Date: August 14, 2006
Contact: Lauren Bartlett ( email@example.com
UCLA Is Named to the 'New Ivies' List by Kaplan/Newsweek
UCLA has been named to Kaplan and Newsweek's elite "New Ivies" list, published in the 2007 Kaplan/Newsweek "How to Get into College Guide."
This year's guide introduces for the first time the "New Ivies" — colleges whose first-rate academic programs, combined with a population boom in top students, have fueled their rise in stature and favor among the nation's top students, administrators and faculty, edging them into competitive status with Ivy League schools. UCLA was one of 25 schools selected by the magazine and test preparation service, which based their picks on admissions statistics and interviews with administrators, students, faculty and alumni. UCLA was the only public university in California selected. The 264-page Kaplan/Newsweek guide will be available in bookstores Aug. 21.

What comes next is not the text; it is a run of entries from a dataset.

Lemma baire_class1_closed_cover {X Y : Type} (dX : X -> X -> R) (dY : Y -> Y -> R)
  (hY : is_metric dY) (hsep : separable dY) (f : X -> Y) (y0 : Y) :
  baire_class1 dX dY f ->
  exists (q : nat -> Y) (r : nat -> R) (C : nat -> X -> Prop),
    (forall t, closed_in dX (C t)) /\
    (forall t x, C t x -> dY (q t) (f x) < r t) /\
    (forall x e, 0 < e -> exists t, r t < e /\ C t x).
Proof.
  intros hB.
  destruct (separable_dense_seq dY y0 hsep) as [qq Hdense].
  destruct (choice (fun (u : nat * nat) (Cu : nat -> X -> Prop) =>
              (forall i, closed_in dX (Cu i)) /\
              (forall x, dY (qq (fst u)) (f x) < / INR (S (snd u)) <-> exists i, Cu i x))
              (fun u => hB _ (open_ball dY hY (qq (fst u)) _))) as [Cf HCf].
  (* An index t codes a ball (centre index, radius index) and a closed piece of its preimage. *)
  set (ball_of := fun t => Cantor.of_nat (fst (Cantor.of_nat t))).
  exists (fun t => qq (fst (ball_of t))), (fun t => / INR (S (snd (ball_of t)))),
    (fun t => Cf (ball_of t) (snd (Cantor.of_nat t))).
  split; [|split].
  - intros t. apply (proj1 (HCf _)).
  - intros t x Ht. apply (proj2 (HCf _)). eauto.
  - intros x e He.
    destruct (inv_INR_S_lt e He) as [J HJ].
    destruct (Hdense (f x) _ (inv_INR_S_pos J)) as [m Hm].
    rewrite (proj1 (proj2 hY)) in Hm.
    destruct (proj1 (proj2 (HCf (m, J)) x) Hm) as [i Hi].
    exists (Cantor.to_nat (Cantor.to_nat (m, J), i)).
    unfold ball_of. rewrite !Cantor.cancel_of_to. cbn [fst snd]. rewrite Cantor.cancel_of_to.
    split; assumption.
Qed.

"UCLA has always been an outstanding school, but in recent years it has clearly become one of the most sought-after schools in the country; just last year alone, the number of applicants jumped by 12 percent," said Annette Riffle, contributing editor for the 2007 guide. "UCLA has been able to appeal to a growing number of the nation's top students because of its commitment to academic excellence, range of program options, variety of campus activities and desirable location, and the Kaplan/Newsweek guide is pleased to recognize this accomplishment."
In 2006, UCLA received a record 47,307 applications from prospective freshmen, a 12 percent increase over the previous year. Of those, 12,221 were admitted. Location, moderate cost for California residents and a broad variety of course choices are the draw, said Vu Tran, UCLA's director of Undergraduate Admissions and Relations with Schools. Another draw for prospective students is that the campus guarantees housing for three years and is building more residence halls with the goal of providing housing for four years.
California's largest university, UCLA enrolls approximately 38,000 students per year and offers degrees from the UCLA College of Letters and Science and 11 professional schools in dozens of varied disciplines. UCLA consistently ranks among the top five universities and colleges nationwide in total research-and-development spending, receiving more than $820 million a year in competitively awarded federal and state grants and contracts. For every $1 state taxpayers invest in UCLA, the university generates almost $9 in economic activity, resulting in an annual $6 billion economic impact on the Greater Los Angeles region. The university's health care network treats 450,000 patients per year. UCLA employs more than 27,000 faculty and staff, has more than 350,000 living alumni and has been home to five Nobel Prize recipients.